When you reach the line that contains "move=> a0 b0 mE mg g0." in the data below, start reproducing lines exactly, and stop after the line that contains "by rewrite ge0_integral_measure_add//".
▬▬▬▬▬▬▬▬▬▬
Lemma ge0_integral_prod_add (m1 : probability T1 R) (m2 : probability T2 R)
    (f : T1 -> R) (g : T2 -> R) :
  measurable_fun setT f -> measurable_fun setT g ->
  (forall x, 0 <= f x)%R -> (forall y, 0 <= g y)%R ->
  \int[m1 \x m2]_z (f z.1 + g z.2)%:E = \int[m1]_x (f x)%:E + \int[m2]_y (g y)%:E.
Proof.
move=> mf mg f0 g0.
have mfE : measurable_fun setT (EFin \o f) by exact/measurable_EFinP.
have mgE : measurable_fun setT (EFin \o g) by exact/measurable_EFinP.
rewrite fubini_tonelli1; last 2 first.
- apply/measurable_EFinP; apply: measurable_funD.
  + exact: measurableT_comp mf measurable_fst.
  + exact: measurableT_comp mg measurable_snd.
- by move=> z; rewrite lee_fin addr_ge0.
transitivity (\int[m1]_x ((f x)%:E + \int[m2]_y (g y)%:E)).
  apply: eq_integral => x _; rewrite /fubini_F /=.
  under eq_integral do rewrite EFinD addeC.
  by rewrite ge0_integral_prob_addr ?lee_fin// addeC.
by rewrite ge0_integral_prob_addr// integral_ge0// => y _; rewrite lee_fin.
Qed.

End product_integral.

Lemma integral_prod_add_sub1 {d} {T : measurableType d} {R : realType}
    (m1 m2 : probability T R) (W0 : T -> R) :
  measurable_fun setT W0 -> (forall x, 1 <= W0 x) ->
  (\int[m1 \x m2]_z (W0 z.1 + W0 z.2 - 1)%:E =
   \int[m1]_x (W0 x)%:E + \int[m2]_y (W0 y)%:E - 1)%E.
Proof.
move=> mW W1.
under eq_integral do rewrite addrAC.
rewrite (ge0_integral_prod_add m1 m2 (fun x => W0 x - 1)%R W0).
rewrite ge0_integral_prob_subr // addeAC//.
- exact: measurable_funB mW (measurable_cst _).
- exact: mW.
- by move=> x; rewrite subr_ge0.
- by move=> y; apply: le_trans (W1 y).
Qed.

Section class_C_theory.
Context {R : realType} {phi : R -> R}.
Hypothesis phiC : class_C phi.

Let phi_ge0 {v} : 1 <= v -> 0 <= phi v.
Proof. by case: phiC => ge0 _; exact: ge0. Qed.

Let phi_concave {x y t} : 1 <= x -> 1 <= y -> 0 <= t <= 1 ->
  t * phi x + (1 - t) * phi y <= phi (t * x + (1 - t) * y).
Proof. by case: phiC => _ [concave _]; exact: concave. Qed.

Lemma class_C_homo u v : 1 <= u -> u <= v -> phi u <= phi v.
Proof.
move=> u1 uv; rewrite leNgt; apply/negP => phi_vu.
have {uv}uv : u < v.
  by rewrite lt_neqAle uv andbT; apply: contraTneq phi_vu => ->; rewrite ltxx.
have [M [_ phiM]] : exists M, M \is Num.real /\ forall z, M < z -> phi u <= phi z.
  by case: phiC => _ [_ [_ [_ [/cvgryPge/(_ (phi u)) + _]]]].
pose z := Num.max (M + 1) (v + 1).
have Mz : M < z by rewrite lt_max ltrDl ltr01.
have vz : v < z by rewrite lt_max orbC ltrDl ltr01.
pose t := (z - v) / (z - u).
have zu : 0 < z - u by rewrite subr_gt0 (lt_trans uv).
have t01 : 0 <= t <= 1.
  by rewrite divr_ge0 ?ler_pdivrMr// ?mul1r; lra.
have tE : t * u + (1 - t) * z = v by rewrite /t; field; lra.
have := phi_concave u1 (le_trans u1 (ltW (lt_trans uv vz))) t01.
rewrite tE => phi_v.
have : 0 <= (1 - t) * (phi z - phi u).
  by apply: mulr_ge0; [lra | rewrite subr_ge0 phiM].
lra.
Qed.

Lemma class_C_chord a s : 1 <= a <= s -> (a - 1) * phi s <= (s - 1) * phi a.
Proof.
move=> /andP[a1 as_].
have [s1|s1] := eqVneq s 1.
  have -> : a = 1 by lra.
  by rewrite s1 subrr !mul0r.
have s1_gt0 : 0 < s - 1 by rewrite subr_gt0 lt_neqAle eq_sym s1 /=; lra.
pose t := (a - 1) / (s - 1).
have t01 : 0 <= t <= 1 by rewrite divr_ge0 ?ler_pdivrMr// ?mul1r; lra.
have tE : t * s + (1 - t) * 1 = a by rewrite /t; field; lra.
have := phi_concave (le_trans a1 as_) (lexx 1) t01.
rewrite tE => phi_a.
have : 0 <= (1 - t) * phi 1 by apply: mulr_ge0; [lra | exact: phi_ge0].
have -> : (a - 1) * phi s = (s - 1) * (t * phi s) by rewrite /t; field; lra.
by move=> ?; rewrite ler_wpM2l ?(ltW s1_gt0)//; lra.
Qed.

Lemma class_C_subadd a b : 1 <= a -> 1 <= b -> phi (a + b - 1) <= phi a + phi b.
Proof.
move=> a1 b1; have [s1|s1] := eqVneq (a + b - 1) 1.
  rewrite s1; have := phi_ge0 (lexx 1).
  have -> : a = 1 by lra.
  have -> : b = 1 by lra.
  lra.
have s1_gt0 : 0 < a + b - 1 - 1 by rewrite subr_gt0 lt_neqAle eq_sym s1 /=; lra.
rewrite -(ler_pM2l s1_gt0).
have /class_C_chord ha : 1 <= a <= a + b - 1 by apply/andP; split; lra.
have /class_C_chord hb : 1 <= b <= a + b - 1 by apply/andP; split; lra.
lra.
Qed.

Lemma class_C_pair_drift (lam b dd u v : R) :
  0 <= lam <= 1 -> 1 <= dd <= u -> 1 <= v -> b < (1 - lam) * phi dd ->
  (u - phi u) + (v - phi v + b) - 1 <= (u + v - 1) - lam * phi (u + v - 1).
Proof.
move=> /andP[lam0 lam1] /andP[dd1 ddu] v1 b_lt.
have lam1' : 0 <= 1 - lam by rewrite subr_ge0.
have := ler_wpM2l lam0 (class_C_subadd _ _ (le_trans dd1 ddu) v1).
have := ler_wpM2l lam1' (class_C_homo _ _ dd1 ddu).
have := mulr_ge0 lam1' (phi_ge0 v1).
lra.
Qed.

End class_C_theory.

Section mixture.
Local Open Scope ereal_scope.
Context {d : measure_display} {T : measurableType d} {R : realType}.

Lemma ge0_integral_mixture (m m1 m2 : measure T R) (a b : R) (g : T -> \bar R) :
  (0 <= a)%R -> (0 <= b)%R ->
  (forall A, measurable A -> m A = a%:E * m1 A + b%:E * m2 A) ->
  measurable_fun setT g -> (forall x, 0 <= g x) ->
  \int[m]_x g x = a%:E * \int[m1]_x g x + b%:E * \int[m2]_x g x.
Proof.
move=> a0 b0 mE mg g0.
rewrite (eq_measure_integral (measure_add (mscale (NngNum a0) m1)
                                          (mscale (NngNum b0) m2))).
  by rewrite ge0_integral_measure_add// !ge0_integral_mscale.
by move=> A mA _; rewrite mE//; symmetry; exact: measure_addE.
Qed.

Let fin_num_pmull {c : R} x :
  (0 < c)%R -> c%:E * x \is a fin_num -> x \is a fin_num.
Proof.
move=> c0; case: x => [x||]//; [rewrite mulry | rewrite mulrNy].
all: by rewrite gtr0_sg ?mul1e.
Qed.

Lemma integral_residual (P Q nu : probability T R) (eps : R) (g : T -> R) :
  (0 < eps < 1)%R ->
  (forall A, measurable A -> Q A = ((1 - eps)^-1)%:E * (P A - eps%:E * nu A)) ->
  measurable_fun setT g -> (forall x, 0 <= g x)%R ->
  \int[P]_x (g x)%:E \is a fin_num ->
  \int[Q]_x (g x)%:E =
  ((1 - eps)^-1)%:E * (\int[P]_x (g x)%:E - eps%:E * \int[nu]_x (g x)%:E).
Proof.
move=> /andP[eps0 eps1] QE mg g0 Pfin.
have eps1' : (0 < 1 - eps)%R by rewrite subr_gt0.
have PE : forall A, measurable A -> P A = (1 - eps)%:E * Q A + eps%:E * nu A.
  move=> A mA; rewrite QE//.
  have /EFin_fin_numP[p ->] : P A \is a fin_num by exact: fin_num_measure.
  have /EFin_fin_numP[n ->] : nu A \is a fin_num by exact: fin_num_measure.
  by rewrite -EFinM -EFinM -EFinD; congr EFin; field; lra.
have mix : \int[P]_x (g x)%:E =
    (1 - eps)%:E * \int[Q]_x (g x)%:E + eps%:E * \int[nu]_x (g x)%:E.
  apply: ge0_integral_mixture (ltW eps1') (ltW eps0) PE _ _.
  - exact/measurable_EFinP.
  - by move=> x; rewrite lee_fin.
move: Pfin; rewrite mix fin_numD => /andP[].
move=> /(fin_num_pmull _ eps1')/EFin_fin_numP[q ->].
move=> /(fin_num_pmull _ eps0)/EFin_fin_numP[n ->].
by rewrite addeK// -!EFinM; congr EFin; field; lra.
Qed.

End mixture.

Section drift.
Context {d : measure_display} {X : measurableType d} {R : realType}.
Context {P : R.-pker X ~> X} {C : set X} {W0 : X -> R} {phi0 : R -> R} {b0 : R}.
Hypotheses (mW0 : measurable_fun setT W0) (W0_ge1 : forall x, 1 <= W0 x)
  (phi0C : class_C phi0)
  (drift : forall x, (\int[P x]_y (W0 y)%:E <=
                      (W0 x - phi0 (W0 x) + b0 * \1_C x)%:E)%E).

(* If b0 <= 0, then inf W0 <= P W0 x <= W0 x - phi0 1 for every x. *)
Lemma drift_const_gt0 (x0 : X) : 0 < b0.
Proof.
rewrite ltNge; apply/negP => b0_le0.
have W0x0 : range W0 !=set0 by exists (W0 x0), x0.
have lbW0 : has_lbound (range W0) by exists 1 => _ [y _ <-].
set m := inf (range W0).
have m_ge1 : 1 <= m by apply: lb_le_inf => // _ [y _ <-].
have phi01 : 0 < phi0 1 by case: phi0C => _ [_ [_ []]].
suff : m + phi0 1 <= m by lra.
apply: lb_le_inf => // _ [x _ <-].
have m_le y : m <= W0 y by apply: ge_inf => //; exists y.
have m_le_PW0 : (m%:E <= \int[kernel_prob P x]_y (W0 y)%:E)%E.
  rewrite -sube_ge0// -ge0_integral_prob_subr ?(le_trans _ m_ge1)//.
  by apply: integral_ge0 => y _; rewrite lee_fin subr_ge0.
have := le_trans m_le_PW0 (drift x); rewrite lee_fin.
have := class_C_homo phi0C _ _ (lexx 1) (W0_ge1 x).
have := mulr_le0_ge0 b0_le0 (_ : 0 <= \1_C x); rewrite indicE ler0n => /(_ isT).
lra.
Qed.

Lemma drift_le_const x : (\int[P x]_y (W0 y)%:E <= (W0 x - phi0 (W0 x) + b0)%:E)%E.
Proof.
apply: le_trans (drift x) _; rewrite lee_fin lerD2l indicE.
by case: (x \in C); rewrite ?mulr1 ?mulr0 // ltW // (drift_const_gt0 x).
Qed.

Lemma drift_notin x : ~ C x -> (\int[P x]_y (W0 y)%:E <= (W0 x - phi0 (W0 x))%:E)%E.
Proof. by move=> nCx; have := drift x; rewrite indicE memNset // mulr0 addr0. Qed.

Lemma drift_fin_num x : (\int[P x]_y (W0 y)%:E)%E \is a fin_num.
Proof.
rewrite ge0_fin_numE ?(le_lt_trans (drift x)) ?ltey //.
by apply: integral_ge0 => y _; rewrite lee_fin (le_trans _ (W0_ge1 y)).
Qed.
▬▬▬▬▬▬▬▬▬▬
**WORKED SOLUTION**:
move=> a0 b0 mE mg g0.
rewrite (eq_measure_integral (measure_add (mscale (NngNum a0) m1)
                                          (mscale (NngNum b0) m2))).
  by rewrite ge0_integral_measure_add// !ge0_integral_mscale.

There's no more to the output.